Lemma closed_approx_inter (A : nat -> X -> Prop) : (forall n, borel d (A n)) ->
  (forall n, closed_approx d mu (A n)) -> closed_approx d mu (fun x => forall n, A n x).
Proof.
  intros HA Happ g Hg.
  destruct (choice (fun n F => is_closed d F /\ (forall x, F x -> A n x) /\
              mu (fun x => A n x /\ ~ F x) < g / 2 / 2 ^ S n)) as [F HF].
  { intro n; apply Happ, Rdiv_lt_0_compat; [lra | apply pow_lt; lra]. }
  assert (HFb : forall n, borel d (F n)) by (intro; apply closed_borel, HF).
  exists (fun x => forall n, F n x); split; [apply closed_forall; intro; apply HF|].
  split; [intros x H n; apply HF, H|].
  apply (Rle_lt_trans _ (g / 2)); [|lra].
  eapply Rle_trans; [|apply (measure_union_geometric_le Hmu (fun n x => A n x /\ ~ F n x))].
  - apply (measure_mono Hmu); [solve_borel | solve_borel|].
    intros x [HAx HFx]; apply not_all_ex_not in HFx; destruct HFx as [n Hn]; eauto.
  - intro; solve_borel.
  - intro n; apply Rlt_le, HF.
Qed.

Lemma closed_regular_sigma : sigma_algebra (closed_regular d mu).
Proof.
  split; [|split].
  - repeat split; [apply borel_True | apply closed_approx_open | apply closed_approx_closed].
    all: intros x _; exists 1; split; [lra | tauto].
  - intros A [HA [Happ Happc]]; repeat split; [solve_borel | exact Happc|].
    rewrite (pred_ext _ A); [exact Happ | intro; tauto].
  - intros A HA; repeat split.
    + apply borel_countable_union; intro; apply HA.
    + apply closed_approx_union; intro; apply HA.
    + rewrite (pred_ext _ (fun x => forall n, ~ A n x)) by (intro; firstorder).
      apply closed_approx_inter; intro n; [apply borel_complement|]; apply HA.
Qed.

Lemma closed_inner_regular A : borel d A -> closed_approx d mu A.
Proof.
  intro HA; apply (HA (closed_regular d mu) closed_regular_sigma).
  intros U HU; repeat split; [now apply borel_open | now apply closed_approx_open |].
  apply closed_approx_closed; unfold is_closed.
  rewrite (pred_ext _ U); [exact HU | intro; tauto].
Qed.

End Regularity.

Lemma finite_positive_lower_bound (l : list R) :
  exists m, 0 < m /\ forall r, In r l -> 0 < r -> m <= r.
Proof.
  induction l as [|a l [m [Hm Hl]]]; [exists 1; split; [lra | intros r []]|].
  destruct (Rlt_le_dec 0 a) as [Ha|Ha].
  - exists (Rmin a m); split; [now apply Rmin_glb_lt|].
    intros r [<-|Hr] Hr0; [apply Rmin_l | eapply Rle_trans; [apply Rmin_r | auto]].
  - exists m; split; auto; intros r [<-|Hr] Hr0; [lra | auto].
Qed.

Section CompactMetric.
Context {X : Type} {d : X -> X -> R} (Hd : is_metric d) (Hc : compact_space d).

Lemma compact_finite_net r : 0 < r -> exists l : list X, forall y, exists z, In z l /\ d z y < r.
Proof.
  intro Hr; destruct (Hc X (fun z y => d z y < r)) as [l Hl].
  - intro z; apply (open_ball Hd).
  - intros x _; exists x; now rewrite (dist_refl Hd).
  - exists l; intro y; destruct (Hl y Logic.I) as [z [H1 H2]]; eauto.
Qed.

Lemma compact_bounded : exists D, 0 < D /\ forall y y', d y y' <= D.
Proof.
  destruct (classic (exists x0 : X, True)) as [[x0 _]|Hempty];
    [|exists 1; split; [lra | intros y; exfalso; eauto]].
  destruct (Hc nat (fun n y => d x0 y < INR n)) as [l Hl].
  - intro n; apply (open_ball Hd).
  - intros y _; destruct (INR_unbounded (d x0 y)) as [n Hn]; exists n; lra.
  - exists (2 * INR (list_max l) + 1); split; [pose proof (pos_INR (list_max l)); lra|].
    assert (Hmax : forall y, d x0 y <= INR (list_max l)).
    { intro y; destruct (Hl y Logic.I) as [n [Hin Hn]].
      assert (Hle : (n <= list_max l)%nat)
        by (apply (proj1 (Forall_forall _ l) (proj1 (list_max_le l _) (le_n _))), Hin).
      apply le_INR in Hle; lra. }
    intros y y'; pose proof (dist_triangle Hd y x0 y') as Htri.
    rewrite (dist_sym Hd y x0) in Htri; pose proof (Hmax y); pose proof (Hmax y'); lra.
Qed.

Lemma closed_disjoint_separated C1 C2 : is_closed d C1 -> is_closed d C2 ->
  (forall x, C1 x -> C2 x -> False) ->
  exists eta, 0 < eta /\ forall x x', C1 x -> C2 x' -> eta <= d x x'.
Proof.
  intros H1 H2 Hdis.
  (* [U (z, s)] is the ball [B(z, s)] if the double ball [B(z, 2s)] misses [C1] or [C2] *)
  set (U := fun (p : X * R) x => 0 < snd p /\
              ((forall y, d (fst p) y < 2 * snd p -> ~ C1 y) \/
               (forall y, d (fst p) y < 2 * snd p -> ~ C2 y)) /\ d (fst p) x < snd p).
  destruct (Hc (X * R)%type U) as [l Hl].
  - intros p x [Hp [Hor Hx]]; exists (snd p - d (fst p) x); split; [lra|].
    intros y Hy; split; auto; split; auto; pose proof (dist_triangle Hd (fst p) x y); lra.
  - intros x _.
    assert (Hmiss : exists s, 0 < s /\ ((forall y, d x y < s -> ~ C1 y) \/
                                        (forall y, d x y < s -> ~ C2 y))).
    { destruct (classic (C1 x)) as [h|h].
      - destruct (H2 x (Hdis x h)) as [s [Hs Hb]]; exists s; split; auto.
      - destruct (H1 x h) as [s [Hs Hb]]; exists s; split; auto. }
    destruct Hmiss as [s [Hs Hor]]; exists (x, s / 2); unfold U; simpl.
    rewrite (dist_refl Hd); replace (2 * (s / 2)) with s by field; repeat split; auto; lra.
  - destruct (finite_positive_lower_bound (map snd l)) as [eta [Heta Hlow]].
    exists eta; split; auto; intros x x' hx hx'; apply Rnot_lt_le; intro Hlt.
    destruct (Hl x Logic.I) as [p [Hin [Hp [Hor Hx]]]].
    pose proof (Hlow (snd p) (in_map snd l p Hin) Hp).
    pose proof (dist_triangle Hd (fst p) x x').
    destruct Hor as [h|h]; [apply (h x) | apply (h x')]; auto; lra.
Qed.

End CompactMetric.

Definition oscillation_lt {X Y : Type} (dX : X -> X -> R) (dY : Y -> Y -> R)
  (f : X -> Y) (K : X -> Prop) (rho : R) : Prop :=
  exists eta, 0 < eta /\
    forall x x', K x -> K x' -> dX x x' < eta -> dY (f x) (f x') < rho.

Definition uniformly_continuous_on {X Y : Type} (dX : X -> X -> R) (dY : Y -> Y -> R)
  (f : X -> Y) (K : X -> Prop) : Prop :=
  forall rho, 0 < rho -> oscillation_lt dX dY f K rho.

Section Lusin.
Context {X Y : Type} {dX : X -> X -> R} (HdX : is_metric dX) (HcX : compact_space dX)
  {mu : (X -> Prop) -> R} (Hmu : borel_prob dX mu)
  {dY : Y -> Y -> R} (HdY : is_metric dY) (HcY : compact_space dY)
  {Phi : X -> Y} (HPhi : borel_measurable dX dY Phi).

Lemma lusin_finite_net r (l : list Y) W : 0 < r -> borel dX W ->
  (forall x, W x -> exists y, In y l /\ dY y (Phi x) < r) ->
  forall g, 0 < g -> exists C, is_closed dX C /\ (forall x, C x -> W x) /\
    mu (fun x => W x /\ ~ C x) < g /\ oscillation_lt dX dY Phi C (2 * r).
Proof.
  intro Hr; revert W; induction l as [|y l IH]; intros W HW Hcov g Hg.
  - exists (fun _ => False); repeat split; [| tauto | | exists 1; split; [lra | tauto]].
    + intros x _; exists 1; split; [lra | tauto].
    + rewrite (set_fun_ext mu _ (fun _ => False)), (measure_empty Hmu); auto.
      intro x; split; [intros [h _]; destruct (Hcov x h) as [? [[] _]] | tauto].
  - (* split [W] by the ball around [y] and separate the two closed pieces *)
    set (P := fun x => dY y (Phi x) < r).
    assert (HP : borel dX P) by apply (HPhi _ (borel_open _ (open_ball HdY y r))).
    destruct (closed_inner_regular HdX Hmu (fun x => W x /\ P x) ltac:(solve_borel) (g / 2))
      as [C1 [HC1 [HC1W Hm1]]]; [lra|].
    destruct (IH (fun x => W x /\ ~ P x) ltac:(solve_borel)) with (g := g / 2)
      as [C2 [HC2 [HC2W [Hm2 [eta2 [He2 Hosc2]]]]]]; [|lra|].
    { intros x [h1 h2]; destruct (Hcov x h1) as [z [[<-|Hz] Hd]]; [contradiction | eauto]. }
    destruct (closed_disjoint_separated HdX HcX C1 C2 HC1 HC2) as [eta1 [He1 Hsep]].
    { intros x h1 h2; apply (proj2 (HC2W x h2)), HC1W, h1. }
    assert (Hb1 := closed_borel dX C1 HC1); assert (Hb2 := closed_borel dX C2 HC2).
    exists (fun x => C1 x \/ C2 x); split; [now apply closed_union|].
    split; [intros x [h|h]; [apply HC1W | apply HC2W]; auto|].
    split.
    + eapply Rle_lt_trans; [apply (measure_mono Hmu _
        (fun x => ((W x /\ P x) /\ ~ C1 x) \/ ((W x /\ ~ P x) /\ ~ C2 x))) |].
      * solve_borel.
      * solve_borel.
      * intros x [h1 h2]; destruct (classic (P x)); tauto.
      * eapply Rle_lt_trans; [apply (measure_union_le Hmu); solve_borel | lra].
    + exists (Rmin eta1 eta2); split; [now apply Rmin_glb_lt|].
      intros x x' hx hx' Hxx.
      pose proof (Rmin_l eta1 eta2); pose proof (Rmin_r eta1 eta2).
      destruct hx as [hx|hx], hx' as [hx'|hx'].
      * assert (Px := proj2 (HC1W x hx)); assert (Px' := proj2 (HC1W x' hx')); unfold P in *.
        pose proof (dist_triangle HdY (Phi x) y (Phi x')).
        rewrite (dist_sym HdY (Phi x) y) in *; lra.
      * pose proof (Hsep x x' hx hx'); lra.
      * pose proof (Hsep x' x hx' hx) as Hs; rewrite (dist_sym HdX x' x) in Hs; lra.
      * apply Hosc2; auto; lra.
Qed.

##########

Your objective
The entries above hold a line with "intro Hr; revert" and a later line with "destruct (closed_inner_regular HdX". Write out exactly those lines and all lines between, nothing more.

Solution to this problem
  intro Hr; revert W; induction l as [|y l IH]; intros W HW Hcov g Hg.
  - exists (fun _ => False); repeat split; [| tauto | | exists 1; split; [lra | tauto]].
    + intros x _; exists 1; split; [lra | tauto].
    + rewrite (set_fun_ext mu _ (fun _ => False)), (measure_empty Hmu); auto.
      intro x; split; [intros [h _]; destruct (Hcov x h) as [? [[] _]] | tauto].
  - (* split [W] by the ball around [y] and separate the two closed pieces *)
    set (P := fun x => dY y (Phi x) < r).
    assert (HP : borel dX P) by apply (HPhi _ (borel_open _ (open_ball HdY y r))).
    destruct (closed_inner_regular HdX Hmu (fun x => W x /\ P x) ltac:(solve_borel) (g / 2))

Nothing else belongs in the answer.